Tomer Rosenthal, born 1987 in Jerusalem, is an artist living and working between Tel-Aviv and Berlin. His solo exhibiton Midnight was presented at The Jerusalem Artists’ House in 2021. Rosenthal’s work has been shown in group exhibitions in Israel and Europe. In 2021 he published Ingress presenting 55 works on paper. For his work he is the recipient of the Osnat Mozes Painting Prize for a Young Artist (2021), the New York Foundation for The Art’s Artist Fund (2018) and Bezalel’s Keshet Award (2011). He has been a guest lecturer at HaMidrasha – Faculty of the Arts, Beit Berl and the Bezalel Academy of Arts and Design, Jerusalem. He received his BFA and MFA degrees in Fine Art from the Bezalel Academy of Art and Design, Jerusalem (2011 and 2014). Rosenthal has DJed in music festivals and art events in Israel and Europe and designed soundtracks for dance performances.

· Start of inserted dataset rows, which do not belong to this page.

(* Even-indexed Fibonacci numbers undershoot: F_(2j+2) alpha falls short of
   F_(2j+1) by at most alpha^2 = 1 - alpha. *)
Lemma fib_even_alpha j : exists e,
  INR (fib (2*j+2)) * alpha = INR (fib (2*j+1)) - e /\ 0 < e <= 1 - alpha.
Proof.
  exists (alpha ^ (2*j+2)). pose proof (fib_alpha (2*j+1)) as H.
  replace (S (2*j+1)) with (2*j+2)%nat in H by lia.
  replace (2*j+1)%nat with (S (2*j)) in H at 2 by lia. rewrite pow_1_odd in H.
  split; [lra|].
  replace (1 - alpha) with (alpha ^ 2) by (cbn [pow]; pose proof alpha_sq; nra).
  apply alpha_pow_le. lia.
Qed.

Ltac nat_eq_to_R H := apply (f_equal INR) in H; rewrite ?plus_INR in H; cbn [INR] in H.

Lemma gfloor_below_fib_odd i x : (x + 1 = fib (2*i+3))%nat -> gfloor x = fib (2*i+2).
Proof.
  intros H. nat_eq_to_R H. destruct (fib_odd_alpha i) as [e [He Hb]].
  pose proof alpha_bounds as Halpha. apply gfloor_char. rewrite H. lra.
Qed.

Lemma gfloor_fib_odd i : gfloor (fib (2*i+3)) = fib (2*i+2).
Proof.
  destruct (fib_odd_alpha i) as [e [He Hb]].
  pose proof alpha_bounds as Halpha. apply gfloor_char. nra.
Qed.

Lemma gfloor_below_fib_even j x :
  (x + 1 = fib (2*j+2))%nat -> (gfloor x + 1 = fib (2*j+1))%nat.
Proof.
  intros H. nat_eq_to_R H. destruct (fib_even_alpha j) as [e [He Hb]].
  pose proof alpha_bounds as Halpha. apply gfloor_char_pred. rewrite H. lra.
Qed.

Lemma gfloor_fib_even j : gfloor (fib (2*j+2)) = fib (2*j+1).
Proof.
  destruct (fib_even_alpha j) as [e [He Hb]].
  pose proof alpha_bounds as Halpha. apply gfloor_char. nra.
Qed.
(* Let $\log_{Ab}(x)=x+\sum_{i\ge1}m_ix^{i+1}$, $m_i\in\mathbb{Q}[a_1,a_2]$, be the logarithm of the universal Abel formal group law. Then for every $n\ge2$, $$m_{n-1}=\frac1n\prod_{j=1}^{n-1}\left(\frac{n-2j}{\sqrt{j(n-j)}}\sqrt{2a_2}-a_1\right),$$ where the right-hand side (in which the factors for $j$ and $n-j$ combine to $a_1^2-\frac{2(n-2j)^2}{j(n-j)}a_2$, and the factor for $j=n/2$ equals $-a_1$) is a polynomial in $a_1,a_2$.
   Context: The universal Abel formal group law is the formal group law over $\mathbb{Q}[a_1,a_2]$ ($a_1,a_2$ free parameters) of the form $\mathcal{F}_{Ab}(x,y)=xR(y)+yR(x)$ with $R(x)=1+\frac{a_1}{2}x+a_2x^2+a_3x^3+\cdots$, where the coefficients $a_n\in\mathbb{Q}[a_1,a_2]$, $n\ge3$, are uniquely determined by associativity (e.g. $a_3=-\frac23a_1a_2$, $a_4=\frac12a_1^2a_2-\frac12a_2^2$). Its logarithm is $\log_{Ab}(x)=\int_0^x\frac{dt}{1+a_1t+a_2t^2+a_3t^3+\cdots}$; e.g. $m_1=-\frac12a_1$, $m_2=\frac13(a_1^2-a_2)$. *)

(* Q[a1,a2] is modelled as {poly {poly rat}}:
   a1 = inner variable (constant of the outer ring), a2 = outer variable. *)
From HB Require Import structures.
From mathcomp Require Import all_boot all_order all_algebra.
Set Implicit Arguments. Unset Strict Implicit. Unset Printing Implicit Defensive.
Import Order.TTheory GRing.Theory Num.Theory.
Local Open Scope ring_scope.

Tomer Rosenthal’s drawings are rooted in an idiosyncratic cosmology of images — both personal and universal. His works explore symbols and images from ancient religions and cultures, ranging from Neo-Assyrian stone reliefs to medieval illuminated chronicles, 19th century symbolism, and Northern Renaissance iconography. Drawing from a wide range of sources, the world created in his drawings refuses a linear understanding of history — ancient symbols coexist and meld with contemporary imagery, transgressing cultural and temporal boundaries, generating a new, expansive psychic world. The drawings record explorations into non-linear thought and the unconscious, presenting hybrid figures that blur the borders between human, animal and plant highlighting an interaction between light and shadow. 

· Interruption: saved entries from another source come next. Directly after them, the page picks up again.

Definition is_distributive : Prop :=
  forall x y z, meet o x (join o y z) = join o (meet o x y) (meet o x z).

Definition is_monoid : Prop :=
  (forall x y z, mul o x (mul o y z) = mul o (mul o x y) z) /\
  (forall x, mul o (one o) x = x) /\ (forall x, mul o x (one o) = x).

Definition plus (a b : A) : A := mn o (mul o (tl o b) (tl o a)).

Definition is_InFL : Prop :=
  is_lattice /\ is_monoid /\
  forall a b c,
    (le (mul o a b) c <-> le a (mn o (mul o b (tl o c)))) /\
    (le (mul o a b) c <-> le b (tl o (mul o (mn o c) a))).

Definition is_qRA : Prop :=
  is_InFL /\
  (forall a, ng o (ng o a) = a) /\
  (forall a b, ng o (meet o a b) = join o (ng o a) (ng o b)) /\
  (forall a b, ng o (mul o a b) = plus (ng o a) (ng o b)).

Definition is_DqRA : Prop := is_qRA /\ is_distributive.

Definition is_lub (S : A -> Prop) (s : A) : Prop :=
  (forall x, S x -> le x s) /\ (forall u, (forall x, S x -> le x u) -> le s u).
Definition is_glb (S : A -> Prop) (s : A) : Prop :=
  (forall x, S x -> le s x) /\ (forall u, (forall x, S x -> le u x) -> le u s).

Definition is_complete : Prop :=
  (forall S : A -> Prop, exists s, is_lub S s) /\
  (forall S : A -> Prop, exists s, is_glb S s).

Definition Jinf (j : A) : Prop := forall S, is_lub S j -> S j.
Definition Minf (m : A) : Prop := forall S, is_glb S m -> S m.

Definition is_perfect : Prop :=
  (forall a, is_lub (fun j => Jinf j /\ le j a) a) /\
  (forall a, is_glb (fun m => Minf m /\ le a m) a).

Definition complete_perfect_DqRA : Prop :=
  is_DqRA /\ is_complete /\ is_perfect.

(** kappa(j) = \/ {a | j not<= a} (well defined when the lattice is complete) *)
Definition kappa (j : A) : A :=
  epsilon (inhabits j) (is_lub (fun a => ~ le j a)).

End Alg.

(** Frames.  Carrier: the elements of a type T satisfying W.
    circ x y z  means  z ∈ x ∘ y. *)
Section Frame.
Variables (T : Type) (W I : T -> Prop) (prec : T -> T -> Prop)
          (circ : T -> T -> T -> Prop) (ftl fmn fng : T -> T).

Definition DInFL_frame : Prop :=
  (forall x, I x -> W x) /\
  (forall x y z, W x -> W y -> circ x y z -> W z) /\
  (forall x, W x -> W (ftl x) /\ W (fmn x)) /\
  (forall x, W x -> prec x x) /\
  (forall x y, W x -> W y -> prec x y -> prec y x -> x = y) /\
  (forall x y z, W x -> W y -> W z -> prec x y -> prec y z -> prec x z) /\
  (* F1 *)
  (forall x y, W x -> W y ->
     (prec x y <-> exists i, I i /\ circ i x y) /\
     (prec x y <-> exists i, I i /\ circ x i y)) /\
  (* F2 *)
  (forall x y, W x -> W y -> prec x y -> I x -> I y) /\
  (* F3 *)
  (forall u v x y, W u -> W v -> W x -> W y ->
     prec x y -> circ u v x -> circ u v y) /\
  (* F4 *)
  (forall x y z, W x -> W y -> W z -> forall w,
     (exists u, circ x y u /\ circ u z w) <-> (exists u, circ y z u /\ circ x u w)) /\
  (* F5 *)
  (forall x y z, W x -> W y -> W z ->
     (circ x y (ftl z) <-> circ z x (fmn y))) /\
  (* F6 *)
  (forall x, W x -> prec (fmn (ftl x)) x /\ prec (ftl (fmn x)) x).

Definition DqRA_frame : Prop :=
  DInFL_frame /\
  (forall x, W x -> W (fng x)) /\
  (* F7 *)
  (forall x, W x -> fng (fng x) = x) /\
  (* F8 *)
  (forall x y, W x -> W y -> prec x y -> prec (fng y) (fng x)) /\
  (* F9 *)
  (forall x y z, W x -> W y -> W z ->
     (circ x y (fmn z) <-> circ (fng (ftl y)) (fng (ftl x)) (fng z))).
End Frame.

Section Plus.
Variables (A : Type) (o : qra_ops A).
Definition Jplus_I (i : A) : Prop := Jinf o i /\ le o i (one o).
Definition Jplus_prec (a b : A) : Prop := le o b a.
Definition Jplus_circ (a b c : A) : Prop := Jinf o c /\ le o c (mul o a b).
Definition Jplus_tl (a : A) : A := tl o (kappa o a).
Definition Jplus_mn (a : A) : A := mn o (kappa o a).
Definition Jplus_ng (a : A) : A := ng o (kappa o a).
End Plus.

(* In a complete perfect distributive lattice every completely join-irreducible
   j is completely join-prime, so kappa(j) is the largest element not above j:
   x <= kappa(j) iff j is not below x.  The pairs (~,-), (-,~) and (neg,neg) are
   mutually inverse order-reversing bijections, and any such pair (f,g) maps
   J^infty(A) to itself by j |-> f(kappa j), with kappa(f(kappa j)) = f j; this
   gives the operations of the frame and F6, F7.  Being residuated,
   multiplication preserves arbitrary joins in each argument, so a join-prime
   below a product lies below a product of join-irreducibles; with perfection
   this yields F1 and F4.  F5 is residuation, and F9 combines the identity
   ~(x.y) = ~y + ~x with the De Morgan law neg(a.b) = neg a + neg b. *)

From Stdlib Require Import Classical ClassicalEpsilon.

Tomer Rosenthal presents a cohesive, idiosyncratic body of work. His art exclusively addresses the act of drawing, extracting therefrom an inner gaze at once deep and dim. Rosenthal explores the inner self, the psyche, and a situation which seems ostensibly impossible to describe via images. His work transpires in a slow-paced space. It spawns figures introduced as animist (a term coined by anthropologist E.B. Tylor as one of the earliest sources for religion, and hence for the spirit and the soul), oscillating between the symbolic and the organic in a space of total silence, as if they were on the brink of stagnation; at times seductive, they reveal to the viewer something about him/herself, perhaps about inner foreignness or about an aspect both threatening and comforting in one’s inner world. Rosenthal’s works call for concentration, deepening, personal viewing, which requires breathing space.